• Exercise brief
Below are entries; output exactly the lines from the one with "Lemma window_succ_r a" to the one with "unfold window; rewrite", both included, and nothing else.

Stored data:
========================================

Local Notation A a := (window a (S p)).
Local Notation B a := (window a p).

Lemma window_succ_r a n : window a (S n) = window a n * v (a + n)%Z.
Proof. reflexivity. Qed.

Lemma window_succ_l a n : window a (S n) = v a * window (a + 1) n.
Proof.
  unfold window; rewrite prodR_succ_l; f_equal; [f_equal; lia|].
  apply prodR_ext; intros; f_equal; lia.
Qed.

Lemma window_rev j n : prodR n (fun i => v (j - S i)%Z) = window (j - n) n.
Proof.
  induction n as [|n IH]; [reflexivity|].
  cbn [prodR]; rewrite IH, window_succ_l.
  replace (j - S n + 1)%Z with (j - n)%Z by lia; ring.
Qed.

Lemma window_overlap a : A a * B (a + p + 1) = B a * A (a + p).
Proof. rewrite (window_succ_r a), (window_succ_l (a + p)); ring. Qed.

Definition bracket (k : Z) : R :=
  sumR (S p) (fun s => A (k - p + s)) - c * sumR p (fun s => B (k - p + S s)).

Lemma bracket_sumZ k :
  bracket k = sumZ (fun x => A x) (k - p) (S p) - c * sumZ (fun x => B x) (k - p + 1) p.
Proof.
  unfold bracket; do 2 f_equal; apply sumR_ext; intros; f_equal; lia.
Qed.

Lemma bracket_succ k :
  bracket (k + 1) = bracket k + A (k + 1) - A (k - p) - c * (B (k + 1) - B (k - p + 1)).
Proof.
  rewrite !bracket_sumZ.
  replace (k + 1 - p)%Z with (k - p + 1)%Z by lia.
  rewrite (sumZ_shift (fun x => A x) (k - p) (S p)), (sumZ_shift (fun x => B x) (k - p + 1) p).
  unify_indices; ring.
Qed.

Definition log_rhs (k : Z) : R := (c - v k) * (B (k + 1) - B (k - p)).

Lemma bogo_rhs_log k : bogo_rhs c p v k = v k * log_rhs k.
Proof.
  unfold bogo_rhs, log_rhs; rewrite window_rev.
  rewrite (prodR_ext p _ (fun i => v (k + 1 + i)%Z)) by (intros; f_equal; lia).
  unfold window; ring.
Qed.

Lemma log_rhs_windows k : log_rhs k = c * B (k + 1) - A k - (c * B (k - p) - A (k - p)).
Proof.
  unfold log_rhs; rewrite (window_succ_l k), (window_succ_r (k - p)).
  replace (k - p + p)%Z with k by lia; ring.
Qed.

Lemma bogo_rhs_windows k : bogo_rhs c p v k = (c - v k) * (A k - A (k - p)).
Proof.
  rewrite bogo_rhs_log; unfold log_rhs; rewrite (window_succ_l k), (window_succ_r (k - p)).
  replace (k - p + p)%Z with k by lia; ring.
Qed.

Lemma sum_log_rhs k :
  sumZ log_rhs k (S p) = bracket k - bracket (k + p) + c * (B (k + p + 1) - B (k - p)).
Proof.
  rewrite (sumZ_ext _ _ _ _ log_rhs_windows), !sumZ_sub, !sumZ_mult_l, !bracket_sumZ.
  rewrite (sumZ_translate (fun x => B x) (fun x => B (x + 1)%Z) 1) by reflexivity.
  rewrite (sumZ_translate (fun x => B x) (fun x => B (x - p)%Z) (- p))
    by (intros; f_equal; lia).
  rewrite (sumZ_translate (fun x => A x) (fun x => A (x - p)%Z) (- p))
    by (intros; f_equal; lia).
  rewrite (sumZ_succ_r _ (k + 1)), (sumZ_succ_l (fun x => B x) (k + - p)).
  unify_indices; ring.
Qed.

========================================

• Answer section
Lemma window_succ_r a n : window a (S n) = window a n * v (a + n)%Z.
Proof. reflexivity. Qed.

Lemma window_succ_l a n : window a (S n) = v a * window (a + 1) n.
Proof.
  unfold window; rewrite prodR_succ_l; f_equal; [f_equal; lia|].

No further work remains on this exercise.